MCP allows that same CIO to say:

“Okay, you can connect the AI to the database. But ONLY via this specific MCP Server. And that server ONLY allows these 3 specific actions: ‘Read Balance’, ‘View Transaction’, and ‘Freeze Account’.”

It puts the AI in a Sandbox. It gives the enterprise control. The value of MCP isn’t that it’s the fastest way to build. The value is that it is the safest way to scale.

The “Network Effect” You Can’t Ignore

There is one final reason you need to care about this.

Laziness.

(Or, more professionally: “Velocity.”)

In early 2025, something shifted.

Suddenly, the ecosystem exploded.

Today, if you want your product to integrate with Notion, Slack, Postgres, and Google Drive, you don’t need to hire a team of backend engineers to build those four integrations.

You just download the pre-built MCP Servers for those tools.

Boom. Done.

Your AI can now talk to all of them.

This is the power of a standard.

Because everyone agreed to speak the same language, the “cost” of adding a new integration dropped from Weeks to Minutes.

How To Use This Information

So, what do you actually do with this?

You don’t need to learn how to write a JSON-RPC handler. But you do need to change your product roadmap.

1. Stop building custom “Connectors.”If you are building a SaaS product, do not waste time building a bespoke “Zapier-style” integration layer. Build an MCP Server for your product instead. If you have an MCP server, any AI agent can use your product.

2. Look for the “Gateway.” The next big opportunity is in managing these connections. As a PM, think about “User Permissions.” How do you ensure the AI doesn’t delete a file it shouldn’t? This is the new frontier of User Experience.

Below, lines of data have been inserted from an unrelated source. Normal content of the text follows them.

Lemma inFV x : inF sigma x -> inF sigma x^-1.
Proof. by rewrite /inF fmorphV => ->. Qed.

Lemma inF1 : inF sigma 1.
Proof. by rewrite /inF rmorph1. Qed.

(* The graph of f u |-> chi f on the subgroup F^x (1 + p_E^(r+1)). *)
Definition FU_graph (p : E * C) : Prop := exists f u,
  [/\ inF sigma f, f != 0, inTn v r.+1 u, p.1 = f * u & p.2 = chi f].

Lemma FU_graph_functional f u f' u' : inF sigma f -> f != 0 -> inTn v r.+1 u ->
  inF sigma f' -> f' != 0 -> inTn v r.+1 u' -> f * u = f' * u' -> chi f = chi f'.
Proof.
move=> Ff f0 Tu Ff' f'0 Tu' fu_eq; have [u0 _] := Tu; have [chi0 chiM _] := chiU.
have quot : f'^-1 * f = u' / u.
  by apply: (mulfI f'0); rewrite mulVKf // mulrA -fu_eq mulfK.
have quot0 : f'^-1 * f != 0 by rewrite mulf_neq0 ?invr_neq0.
have chi_quot : chi (f'^-1 * f) = 1.
  apply: chi_FU; first exact: inFM (inFV Ff') Ff.
  by rewrite quot; apply: inTnSM Tu' (inTnSV _ _ Tu).
by rewrite -[f](mulVKf f'0) chiM ?invr_neq0 // chi_quot mulr1.
Qed.

Lemma hom_FU_graph : hom_graph FU_graph.
Proof.
have [chi0 chiM _] := chiU.
split.
- move=> x c c' [f [u [Ff f0 Tu /= -> ->]]] [f' [u' [Ff' f'0 Tu' /= fu_eq ->]]].
  exact: FU_graph_functional fu_eq.
- move=> x c [f [u [Ff f0 [u0 _] /= -> ->]]].
  by rewrite mulf_neq0 ?chi0.
- move=> x y a b [f [u [Ff f0 Tu /= -> ->]]] [f' [u' [Ff' f'0 Tu' /= -> ->]]].
  exists (f * f'), (u * u'); split.
  + exact: inFM.
  + by rewrite mulf_neq0.
  + exact: inTnSM.
  + by rewrite /= mulrACA.
  + by rewrite /= chiM.
- move=> x a [f [u [Ff f0 Tu /= -> ->]]].
  exists f^-1, u^-1; split.
  + exact: inFV.
  + by rewrite invr_neq0.
  + exact: inTnSV.
  + by rewrite /= invfM.
  + by rewrite /= (char_unitsV chiU).
Qed.

Lemma FU_graph1 : FU_graph (1, 1).
Proof.
exists 1, 1; split; rewrite ?oner_neq0 ?mulr1 ?(char_units1 chiU) //; first exact: inF1.
by split; rewrite ?oner_neq0 ?subrr /pid ?eqxx.
Qed.

Lemma exists_char_extending_on_F : exists psi : E -> C,
  [/\ is_char_units v psi, (forall u, inTn v r.+1 u -> psi u = 1) &
      (forall f, inF sigma f -> f != 0 -> psi f = chi f)].
Proof.
have [psi [psi0 psiM psiB]] := exists_hom_extending_graph hom_FU_graph FU_graph1.
have psiU u : inTn v r.+1 u -> psi u = 1.
  move=> Tu; rewrite (psiB u 1) //.
  by exists 1, u; rewrite mul1r (char_units1 chiU) oner_neq0; split=> //; exact: inF1.
exists psi; split=> //; first by split=> //; exists r.
move=> f Ff f0; apply: psiB; exists f, 1; rewrite mulr1; split=> //.
by split; rewrite ?oner_neq0 ?subrr /pid ?eqxx.
Qed.

End ExtensionFromF.

Section Hilbert90.
Variables (E : fieldType) (sigma : {rmorphism E -> E}) (v : E -> int) (sq : E).
Hypothesis vM : forall x y, x != 0 -> y != 0 -> v (x * y) = v x + v y.
Hypothesis sigmaK : involutive sigma.
Hypothesis sq0 : sq != 0.
Hypothesis sigma_sq : sigma sq = - sq.
Hypothesis two0 : 2%:R != 0 :> E.
Hypothesis v2 : v 2%:R = 0.

Lemma inE1_div_conj a : a != 0 -> inE1 sigma (a / sigma a).
Proof.
move=> a0; have sa0 : sigma a != 0 by rewrite fmorph_eq0.
by rewrite /inE1 rmorphM fmorphV sigmaK; field; rewrite a0 sa0.
Qed.

(* An explicit Hilbert 90 for E/F: a preimage of x under a |-> a / sigma a. *)
Definition norm1_lift (x : E) : E := if x == -1 then sq else 1 + x.

Lemma norm1_liftP x : inE1 sigma x ->
  norm1_lift x != 0 /\ norm1_lift x / sigma (norm1_lift x) = x.
Proof.
rewrite /inE1 /norm1_lift => xE1; have [->|xN1] := eqVneq x (-1).
  by rewrite sigma_sq invrN mulrN mulfV.
have x0 : x != 0 by apply: contra_eq_neq xE1 => ->; rewrite mul0r eq_sym oner_neq0.
have sigma_x : sigma x = x^-1 by apply: (mulfI x0); rewrite xE1 mulfV.
have x1 : 1 + x != 0 by rewrite addrC addr_eq0.
split=> //; rewrite rmorphD rmorph1 sigma_x.
by field; rewrite x0 addrC x1.
Qed.

Lemma norm1_lift_principal n x : pid v n.+1%:Z (x - 1) ->
  exists2 w, inTn v n.+1 w & norm1_lift x = 2%:R * w.
Proof.
move=> x1; have xN1 : x != -1.
  apply: contraTneq x1 => ->; rewrite /pid -opprD oppr_eq0 (negbTE two0) valN //.
  by rewrite v2.
have two1 : pid v 0 2%:R^-1 by rewrite /pid valV // v2 oppr0 lexx orbT.
exists ((1 + x) / 2%:R); last by rewrite /norm1_lift (negbTE xN1) mulrC divfK.
split; first by rewrite mulf_neq0 ?invr_neq0 // addrC addr_eq0.
have -> : (1 + x) / 2%:R - 1 = (x - 1) * 2%:R^-1 by field.
by have := pidM vM x1 two1; rewrite addr0.
Qed.

Lemma eq_on_div_conj (C : fieldType) (rho : E -> C) a b :
  (forall a b, a != 0 -> b != 0 -> rho (a * b) = rho a * rho b) ->
  (forall f, inF sigma f -> f != 0 -> rho f = 1) ->
  a != 0 -> b != 0 -> a / sigma a = b / sigma b -> rho a = rho b.
Proof.
move=> rhoM rhoF a0 b0 ab_eq; have sigma0 c : c != 0 -> sigma c != 0 by rewrite fmorph_eq0.
have ab0 : a / b != 0 by rewrite mulf_neq0 ?invr_neq0.
have F_ab : inF sigma (a / b).
  rewrite /inF rmorphM fmorphV; apply/eqP; rewrite eqr_div ?sigma0 //.
  by move/eqP: ab_eq; rewrite eqr_div ?sigma0 // => /eqP ->; rewrite mulrC.
by rewrite -[a](divfK b0) rhoM // rhoF // mul1r.
Qed.

Variable R : realType.

Lemma exists_E1_factor (rho : E -> R[i]) : is_char_units v rho ->
  (forall f, inF sigma f -> f != 0 -> rho f = 1) ->
  exists2 phi : E -> R[i], is_char_E1 sigma v phi &
    forall a, a != 0 -> rho a = phi (a / sigma a).
Proof.
move=> [rho0 rhoM [n rhon]] rhoF.
have rho_lift a b : a != 0 -> b != 0 -> a / sigma a = b / sigma b -> rho a = rho b.
  exact: eq_on_div_conj.
exists (fun x => rho (norm1_lift x)); last first.
  move=> a a0; have [lift0 liftE] := norm1_liftP (inE1_div_conj a0).
  by apply: rho_lift (esym liftE).
split.
- by move=> x /norm1_liftP[lift0 _]; apply: rho0.
- move=> x y xE1 yE1; have xyE1 : inE1 sigma (x * y).
    by rewrite /inE1 rmorphM mulrACA xE1 yE1 mulr1.
  have [x0 xE] := norm1_liftP xE1; have [y0 yE] := norm1_liftP yE1.
  have [xy0 xyE] := norm1_liftP xyE1.
  rewrite -rhoM //; apply: rho_lift; rewrite ?mulf_neq0 //.
  by rewrite xyE rmorphM invfM mulrACA xE yE.
- exists n => x _ /norm1_lift_principal[w Tw ->].
  by have [w0 _] := Tw; rewrite rhoM // (rhon _ Tw) rhoF ?mulr1 // /inF rmorph_nat.
Qed.

End Hilbert90.

Section Depth.
Variables (E : fieldType) (sigma : {rmorphism E -> E}) (v : E -> int) (R : realType).
Hypothesis vM : forall x y, x != 0 -> y != 0 -> v (x * y) = v x + v y.
Hypothesis vU : forall x y, x != 0 -> y != 0 -> x + y != 0 ->
  Order.min (v x) (v y) <= v (x + y).
Implicit Types (chi : 'M[E]_2 -> R[i]) (r : nat).

Lemma is_char_T_units chi : is_char_T sigma v chi ->
  is_char_units v (fun a => chi (tmat sigma a)).
Proof. by case=> chi0 chiM chi_n; split=> // a b a0 b0; rewrite -chiM ?tmat_mul. Qed.

Lemma is_char_T_entry00 (psi : E -> R[i]) : is_char_units v psi ->
  is_char_T sigma v (fun M => psi (M 0 0)).
Proof.
case=> psi0 psiM [n psin]; split.
- by move=> a a0; rewrite tmat00 psi0.
- by move=> a b a0 b0; rewrite tmat_mul !tmat00 psiM.
- by exists n => a Ta; rewrite tmat00 psin.
Qed.

Lemma inTn_neq0 n a : inTn v n a -> a != 0.
Proof. by case: n => [|n] []. Qed.

Lemma has_true_depth_trivS chi r : has_true_depth sigma v chi r -> trivS sigma v chi r.+1.
Proof.
case=> [[_ //]|[-> chiS0] a [Fa Ta]]; apply: chiS0; split=> //.
exact: inTn_le Ta.
Qed.

Lemma has_true_depth_eq_on_F chi chi' r :
  (forall f, inF sigma f -> f != 0 -> chi' (tmat sigma f) = chi (tmat sigma f)) ->
  has_true_depth sigma v chi r -> has_true_depth sigma v chi' r.
Proof.
move=> chi'F.
have trivS_eq n : trivS sigma v chi' n <-> trivS sigma v chi n.
  have eqS a : inSn sigma v n a -> chi' (tmat sigma a) = chi (tmat sigma a).
    by move=> [Fa /inTn_neq0]; apply: chi'F.
  by split=> chiS a Sa; [rewrite -(eqS a Sa) | rewrite (eqS a Sa)]; apply: chiS.
by rewrite /has_true_depth !trivS_eq.
Qed.

Lemma has_min_depth_of_true_depth chi r : trivT sigma v chi r.+1 ->
  has_true_depth sigma v chi r -> has_min_depth sigma v chi r.
Proof.
move=> chiT Hr; split=> //; case: Hr => [[chiS _]|[r0 _]].
  by left; split=> // chiTr; apply: chiS => a [_ Ta]; apply: chiTr.
have [chiT0|chiT0] := pselect (trivT sigma v chi 0); first by right.
by left; rewrite r0 in chiT *.
Qed.

End Depth.

Theorem theorem3p3 (E : fieldType) (sigma : {rmorphism E -> E}) (v : E -> int)
    (R : realType)
    (Hsetup : unram_quad_local_setup sigma v)
    (r : nat) (chi : 'M[E]_2 -> R[i])
    (Hchi : is_char_T sigma v chi)
    (Htd : has_true_depth sigma v chi r) :
  exists (phi : E -> R[i]) (chi' : 'M[E]_2 -> R[i]),
    [/\ is_char_E1 sigma v phi,
        is_char_T sigma v chi',
        has_min_depth sigma v chi' r &
        forall a : E, a != 0 ->
          chi (tmat sigma a) = phi (\det (tmat sigma a)) * chi' (tmat sigma a)].
Proof.
have [sigmaK [vM [vU [_ [_ [_ [[two0 v2] [eps [sq Hsq]]]]]]]]] := Hsetup.
have [_ [eps0 [_ [_ [sq2 [sigma_sq _]]]]]] := Hsq.
have sq0 : sq != 0 by apply: contraNneq eps0 => sq0; rewrite -sq2 sq0 expr0n.
have chiU := is_char_T_units Hchi.
have chiS := has_true_depth_trivS vM vU Htd.
have [psi [psiU psi_r psiF]] :=
  exists_char_extending_on_F vM vU chiU (fun f Ff Tf => chiS f (conj Ff Tf)).
pose rho a := chi (tmat sigma a) / psi a.
have rhoF f : inF sigma f -> f != 0 -> rho f = 1.
  by move=> Ff f0; rewrite /rho psiF // divff //; case: chiU => chi0 _ _; apply: chi0.
have [phi phiE1 rhoE] :=
  exists_E1_factor vM sigmaK sq0 sigma_sq two0 v2 (is_char_units_div vM vU chiU psiU) rhoF.
exists phi, (fun M => psi (M 0 0)); split=> //.
- exact: is_char_T_entry00.
- apply: has_min_depth_of_true_depth; first by move=> a Ta; rewrite tmat00 psi_r.
  by apply: has_true_depth_eq_on_F Htd => f Ff f0; rewrite tmat00 psiF.
- move=> a a0; rewrite det_tmat -rhoE // tmat00 /rho divfK //.
  by case: psiU => psi0 _ _; apply: psi0.
Qed.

3. Ignore the “Bloat” complaints. Yes, the engineers are right. It is inefficient right now. But optimization always follows standardization. (Remember how slow the early Web was?). The protocol will get better. Do not bet against the standard just because version 1.0 is heavy.

The Final Takeaway

I understand why MCPs might look like a step backward.

It looks like we are taking the infinite creativity of AI and forcing it into a boring, rigid, bureaucratic box.

But that is exactly the point.

To go from a cool demo to a global infrastructure, AI needed a boring, rigid box.

It needed a USB-C port.

MCP is that port.

And now that we have it, the real building can finally begin.